* **BRIEF**:
Copy exactly the lines of the data below that run from the line holding "by case/upper_coversP =>" through the line holding "End Covers.", both ends included.

* **Dataset entries**:
Lemma incr_nthK l i : is_part l -> addable l i -> remove_cell (incr_nth l i) i = l.
Proof.
move=> Hl Ha; have Hi : is_part (incr_nth l i) by rewrite (is_part_incr_nth Hl).
apply: part_eq_from_nth => //; first by apply/(remove_cell_part Hi)/removable_incr_nth.
by move=> k; rewrite nth_remove_cell ?removable_incr_nth // nth_incr_nth; lia.
Qed.

Lemma addable_remove_cell l j : is_part l -> removable l j ->
  addable (remove_cell l j) j.
Proof.
by move=> Hl Hr; rewrite -is_part_incr_nth ?remove_cellK // remove_cell_part.
Qed.

Lemma psize_incr_nth l i : psize (incr_nth l i) = (psize l).+1.
Proof.
rewrite /psize; elim: l i => [|x l IH] [|i] //=; last by rewrite IH addnS.
by elim: i => //= i ->.
Qed.

Lemma psize_remove_cell l j : is_part l -> removable l j ->
  psize l = (psize (remove_cell l j)).+1.
Proof. by move=> Hl Hr; rewrite -{1}(remove_cellK Hl Hr) psize_incr_nth. Qed.

Lemma psize_eq0 l : is_part l -> (psize l == 0) = (l == [::]).
Proof.
case: l => [|x l] //= /is_partP [_ H]; have /= := H 0.
by rewrite /psize /= addn_eq0; case: (x) => //.
Qed.

Definition upper_covers (l : seq nat) : seq (seq nat) :=
  [seq incr_nth l i | i <- [seq i <- iota 0 (size l).+1 | addable l i]].
Definition lower_covers (l : seq nat) : seq (seq nat) :=
  [seq remove_cell l j | j <- [seq j <- iota 0 (size l) | removable l j]].

Section Covers.
Variable l : seq nat.
Hypothesis Hl : is_part l.

Lemma upper_coversP nu :
  reflect (exists2 i, addable l i & nu = incr_nth l i) (nu \in upper_covers l).
Proof.
apply: (iffP mapP).
- by case=> i; rewrite mem_filter => /andP [Ha _] ->; exists i.
- case=> i Ha ->; exists i => //; rewrite mem_filter Ha mem_iota add0n ltnS.
  exact: addable_le_size.
Qed.

Lemma lower_coversP mu :
  reflect (exists2 j, removable l j & mu = remove_cell l j) (mu \in lower_covers l).
Proof.
apply: (iffP mapP).
- by case=> j; rewrite mem_filter => /andP [Hr _] ->; exists j.
- case=> j Hr ->; exists j => //; rewrite mem_filter Hr mem_iota add0n.
  exact: removable_lt_size.
Qed.

Lemma lessdot_upper_covers nu : lessdot l nu <-> nu \in upper_covers l.
Proof.
split.
- case=> _ [Hn [i E]]; apply/upper_coversP; exists i => //.
  by rewrite -(is_part_incr_nth Hl) -E.
- case/upper_coversP => i Ha E; do 2 split => //; last by exists i.
  by rewrite E is_part_incr_nth.
Qed.

Lemma lessdot_lower_covers mu : lessdot mu l <-> mu \in lower_covers l.
Proof.
split.
- case=> Hm [_ [i E]]; have Ha : addable mu i by rewrite -is_part_incr_nth // -E.
  by apply/lower_coversP; exists i; rewrite E ?removable_incr_nth ?incr_nthK.
- case/lower_coversP => j Hr ->; split; first exact: remove_cell_part.
  by split => //; exists j; rewrite remove_cellK.
Qed.

Lemma upper_covers_part nu : nu \in upper_covers l ->
  is_part nu /\ psize nu = (psize l).+1.
Proof.
by case/upper_coversP => i Ha ->; rewrite is_part_incr_nth // psize_incr_nth.
Qed.

Lemma lower_covers_part mu : mu \in lower_covers l ->
  is_part mu /\ psize l = (psize mu).+1.
Proof.
by case/lower_coversP => j Hr ->; rewrite (remove_cell_part Hl) // -psize_remove_cell.
Qed.

Lemma uniq_upper_covers : uniq (upper_covers l).
Proof.
by rewrite map_inj_uniq ?filter_uniq ?iota_uniq //; apply: incr_nth_inj.
Qed.

Lemma uniq_lower_covers : uniq (lower_covers l).
Proof.
rewrite map_inj_in_uniq ?filter_uniq ?iota_uniq //.
move=> i j; rewrite !mem_filter => /andP [Hi _] /andP [Hj _] E.
have := congr1 (fun s => nth 0 s i) E; rewrite !nth_remove_cell // eqxx.
have : 0 < nth 0 l i by move: Hi; rewrite /removable; lia.
by case: (eqVneq j i) => //=; lia.
Qed.

Lemma notin_upper_covers : l \notin upper_covers l.
Proof. by apply/negP => /upper_covers_part [_]; lia. Qed.

Lemma notin_lower_covers : l \notin lower_covers l.
Proof. by apply/negP => /lower_covers_part [_]; lia. Qed.

End Covers.

Section HasCard.
Variable T : eqType.

Lemma has_card_ext (P Q : T -> Prop) m :
  (forall x, P x <-> Q x) -> has_card P m -> has_card Q m.
Proof.
by move=> HPQ [s [Hu [Hs <-]]]; exists s; split=> //; split=> // x; rewrite Hs HPQ.
Qed.

Lemma has_card_inj_image (U : eqType) (P : U -> Prop) (g : U -> T) m :
  has_card P m -> (forall x y, P x -> P y -> g x = g y -> x = y) ->
  has_card (fun z => exists2 x, P x & z = g x) m.
Proof.
move=> [s [Hu [Hs <-]]] Hg; exists (map g s); split; last split.
- by rewrite map_inj_in_uniq // => x y /Hs Hx /Hs Hy; apply: Hg.
- move=> z; split; first by case/mapP => x /Hs Hx ->; exists x.
  by case=> x /Hs Hx ->; apply: map_f.
- by rewrite size_map.
Qed.

Lemma has_card_bigcup (I : eqType) (idx : seq I) (P : I -> T -> Prop) (m : I -> nat)
    (Q : T -> Prop) :
  uniq idx -> (forall i, i \in idx -> has_card (P i) (m i)) ->
  (forall i1 i2 x, i1 \in idx -> i2 \in idx -> P i1 x -> P i2 x -> i1 = i2) ->
  (forall x, Q x <-> exists2 i, i \in idx & P i x) ->
  has_card Q (\sum_(i <- idx) m i).
Proof.
elim: idx Q => [|i idx IH] Q Hu Hc Hd HQ.
  by exists [::]; rewrite big_nil; split=> //; split=> // x; rewrite HQ; split=> // [[]].
move: Hu => /= /andP [Hni Hu].
have [s1 [Hu1 [Hs1 Hz1]]] := Hc i (mem_head _ _).
have [s2 [Hu2 [Hs2 Hz2]]] : has_card (fun x => exists2 j, j \in idx & P j x)
    (\sum_(j <- idx) m j).
  apply: IH => // [j Hj|j1 j2 x H1 H2]; first by apply: Hc; rewrite inE Hj orbT.
  by apply: Hd; rewrite inE ?H1 ?H2 orbT.
exists (s1 ++ s2); split; last split; last by rewrite size_cat big_cons Hz1 Hz2.
- rewrite cat_uniq Hu1 Hu2 /= andbT; apply/hasPn => x /Hs2 [j Hj Hx].
  apply/negP => /Hs1 Hx'; move: Hni.
  by rewrite (Hd i j x (mem_head _ _)) ?Hj // inE Hj orbT.
- move=> x; rewrite mem_cat HQ; split.
  + case/orP => [/Hs1 Hx|/Hs2 [j Hj Hx]]; first by exists i; rewrite ?mem_head.
    by exists j; rewrite // inE Hj orbT.
  + case=> j; rewrite inE => /orP [/eqP -> Hx|Hj Hx]; apply/orP.
    * by left; apply/Hs1.
    * by right; apply/Hs2; exists j.
Qed.

End HasCard.

Definition step (p : nat) (a b : seq nat) : Prop :=
  if p < 2 then lessdot a b \/ a = b else lessdot b a.

(* Walks of any length [m] whose first step has phase [ph] in the period 3 of
   [T_walk]; this is what makes walks closed under removing their first step. *)
Definition walk (ph m : nat) (a b : seq nat) (w : seq (seq nat)) : Prop :=
  size w = m.+1 /\ (forall l, l \in w -> is_part l) /\
  nth [::] w 0 = a /\ nth [::] w m = b /\
  (forall i, i < m -> step ((ph + i) %% 3) (nth [::] w i) (nth [::] w i.+1)).

Lemma T_walkE n mu nu w : T_walk n mu nu w <-> walk 0 (3 * n) mu nu w.
Proof. by rewrite /T_walk /walk addn1. Qed.

Lemma walk_phaseD3 ph m a b w : walk (ph + 3) m a b w <-> walk ph m a b w.
Proof.
have E i : (ph + 3 + i) %% 3 = (ph + i) %% 3.
  by rewrite addnAC -modnDmr modnn addn0.
rewrite /walk; split; case=> [H1 [H2 [H3 [H4 H5]]]]; do 4 split=> //.
- by move=> i Hi; rewrite -E; apply: H5.
- by move=> i Hi; rewrite E; apply: H5.
Qed.

Definition next_shapes p a := if p < 2 then a :: upper_covers a else lower_covers a.
Definition prev_shapes p b := if p < 2 then b :: lower_covers b else upper_covers b.

Section Steps.
Variables (p : nat) (a : seq nat).
Hypothesis Ha : is_part a.

Lemma step_next c : step p a c <-> c \in next_shapes p a.
Proof.
rewrite /step /next_shapes; case: ifP => _; last exact: lessdot_lower_covers.
rewrite inE (lessdot_upper_covers Ha); split.
- by case=> [->|->]; rewrite ?eqxx ?orbT.
- by case/orP => [/eqP ->|H]; [right|left].
Qed.

Lemma step_prev c : step p c a <-> c \in prev_shapes p a.
Proof.
rewrite /step /prev_shapes; case: ifP => _; last exact: lessdot_upper_covers.
rewrite inE (lessdot_lower_covers Ha); split.
- by case=> [->|->]; rewrite ?eqxx ?orbT.
- by case/orP => [/eqP ->|H]; [right|left].
Qed.

Lemma uniq_next_shapes : uniq (next_shapes p a).
Proof.
rewrite /next_shapes; case: ifP => _; last exact: uniq_lower_covers.
by rewrite cons_uniq uniq_upper_covers andbT; exact: notin_upper_covers.
Qed.

Lemma uniq_prev_shapes : uniq (prev_shapes p a).
Proof.
rewrite /prev_shapes; case: ifP => _; last exact: uniq_upper_covers.
by rewrite cons_uniq (notin_lower_covers Ha) (uniq_lower_covers Ha).
Qed.

Lemma next_shapes_part c : c \in next_shapes p a -> is_part c.
Proof.
rewrite /next_shapes; case: ifP => _; last by case/lower_covers_part.
by rewrite inE => /orP [/eqP ->|/upper_covers_part []].
Qed.

Lemma prev_shapes_part c : c \in prev_shapes p a -> is_part c.
Proof.
rewrite /prev_shapes; case: ifP => _; last by case/upper_covers_part.
by rewrite inE => /orP [/eqP ->|/lower_covers_part []].
Qed.

End Steps.

Lemma has_card_walk0 ph a b : has_card (walk ph 0 a b) (is_part a && (a == b)).
Proof.
case Ha: (is_part a); case: (eqVneq a b) => [<-|Hab] /=.
- exists [:: [:: a]]; split=> //; split=> // w; rewrite inE; split.
  + move/eqP => ->; split=> //; split; first by move=> l; rewrite inE => /eqP ->.
    by do 2 split=> //.
  + by case: w => [|x [|y w]] [//= Hs [Hp [H0 [H1 _]]]]; rewrite /= -H0.
- exists [::]; split=> //; split=> // w; split=> //.
  by case=> _ [_ [H0 [H1 _]]]; move: Hab; rewrite -H0 -H1 eqxx.
- exists [::]; split=> //; split=> // w; split=> //.
  by case=> Hs [Hp [H0 _]]; move: Ha; rewrite -H0 Hp // mem_nth // Hs.
- exists [::]; split=> //; split=> // w; split=> //.
  by case=> Hs [Hp [H0 _]]; move: Ha; rewrite -H0 Hp // mem_nth // Hs.
Qed.

Lemma has_card_walk_cons ph m a b (G : seq nat -> nat) : is_part a ->
  (forall c, c \in next_shapes (ph %% 3) a -> has_card (walk ph.+1 m c b) (G c)) ->
  has_card (walk ph m.+1 a b) (\sum_(c <- next_shapes (ph %% 3) a) G c).
Proof.
move=> Ha HG.
apply: (@has_card_bigcup _ _ _
  (fun c w => exists2 w', walk ph.+1 m c b w' & w = a :: w')).
- exact: uniq_next_shapes.
- by move=> c Hc; apply: has_card_inj_image => [|x y _ _ []]; first exact: HG.
- by move=> c1 c2 w _ _ [w1 [_ [_ [<- _]]] ->] [w2 [_ [_ [<- _]]] []] ->.
- move=> w; split.
  + case: w => [|x w'] [//= [Hs] [Hp [H0 [Hm Hst]]]].
    exists (nth [::] w' 0).
    * by apply/step_next => //; have := Hst 0 (ltn0Sn _); rewrite addn0 /= H0.
    * exists w'; last by rewrite H0.
      split=> //; split; first by move=> l Hl; apply: Hp; rewrite inE Hl orbT.
      do 2 split=> //; move=> i Hi.
      by have := Hst i.+1 Hi; rewrite addnS -addSn.
  + case=> c Hc [w' [Hs [Hp [H0 [Hm Hst]]]] ->].
    split; first by rewrite /= Hs.
    split; first by move=> l; rewrite inE => /orP [/eqP ->|/Hp].
    do 2 split=> //; case=> [|i] Hi /=.
    * by rewrite addn0 H0; apply/step_next.
    * by rewrite addnS -addSn; apply: Hst.
Qed.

* **TASK RESULT**:
by case/upper_coversP => i Ha ->; rewrite is_part_incr_nth // psize_incr_nth.
Qed.

Lemma lower_covers_part mu : mu \in lower_covers l ->
  is_part mu /\ psize l = (psize mu).+1.
Proof.
by case/lower_coversP => j Hr ->; rewrite (remove_cell_part Hl) // -psize_remove_cell.
Qed.

Lemma uniq_upper_covers : uniq (upper_covers l).
Proof.
by rewrite map_inj_uniq ?filter_uniq ?iota_uniq //; apply: incr_nth_inj.
Qed.

Lemma uniq_lower_covers : uniq (lower_covers l).
Proof.
rewrite map_inj_in_uniq ?filter_uniq ?iota_uniq //.
move=> i j; rewrite !mem_filter => /andP [Hi _] /andP [Hj _] E.
have := congr1 (fun s => nth 0 s i) E; rewrite !nth_remove_cell // eqxx.
have : 0 < nth 0 l i by move: Hi; rewrite /removable; lia.
by case: (eqVneq j i) => //=; lia.
Qed.

Lemma notin_upper_covers : l \notin upper_covers l.
Proof. by apply/negP => /upper_covers_part [_]; lia. Qed.

Lemma notin_lower_covers : l \notin lower_covers l.
Proof. by apply/negP => /lower_covers_part [_]; lia. Qed.

End Covers.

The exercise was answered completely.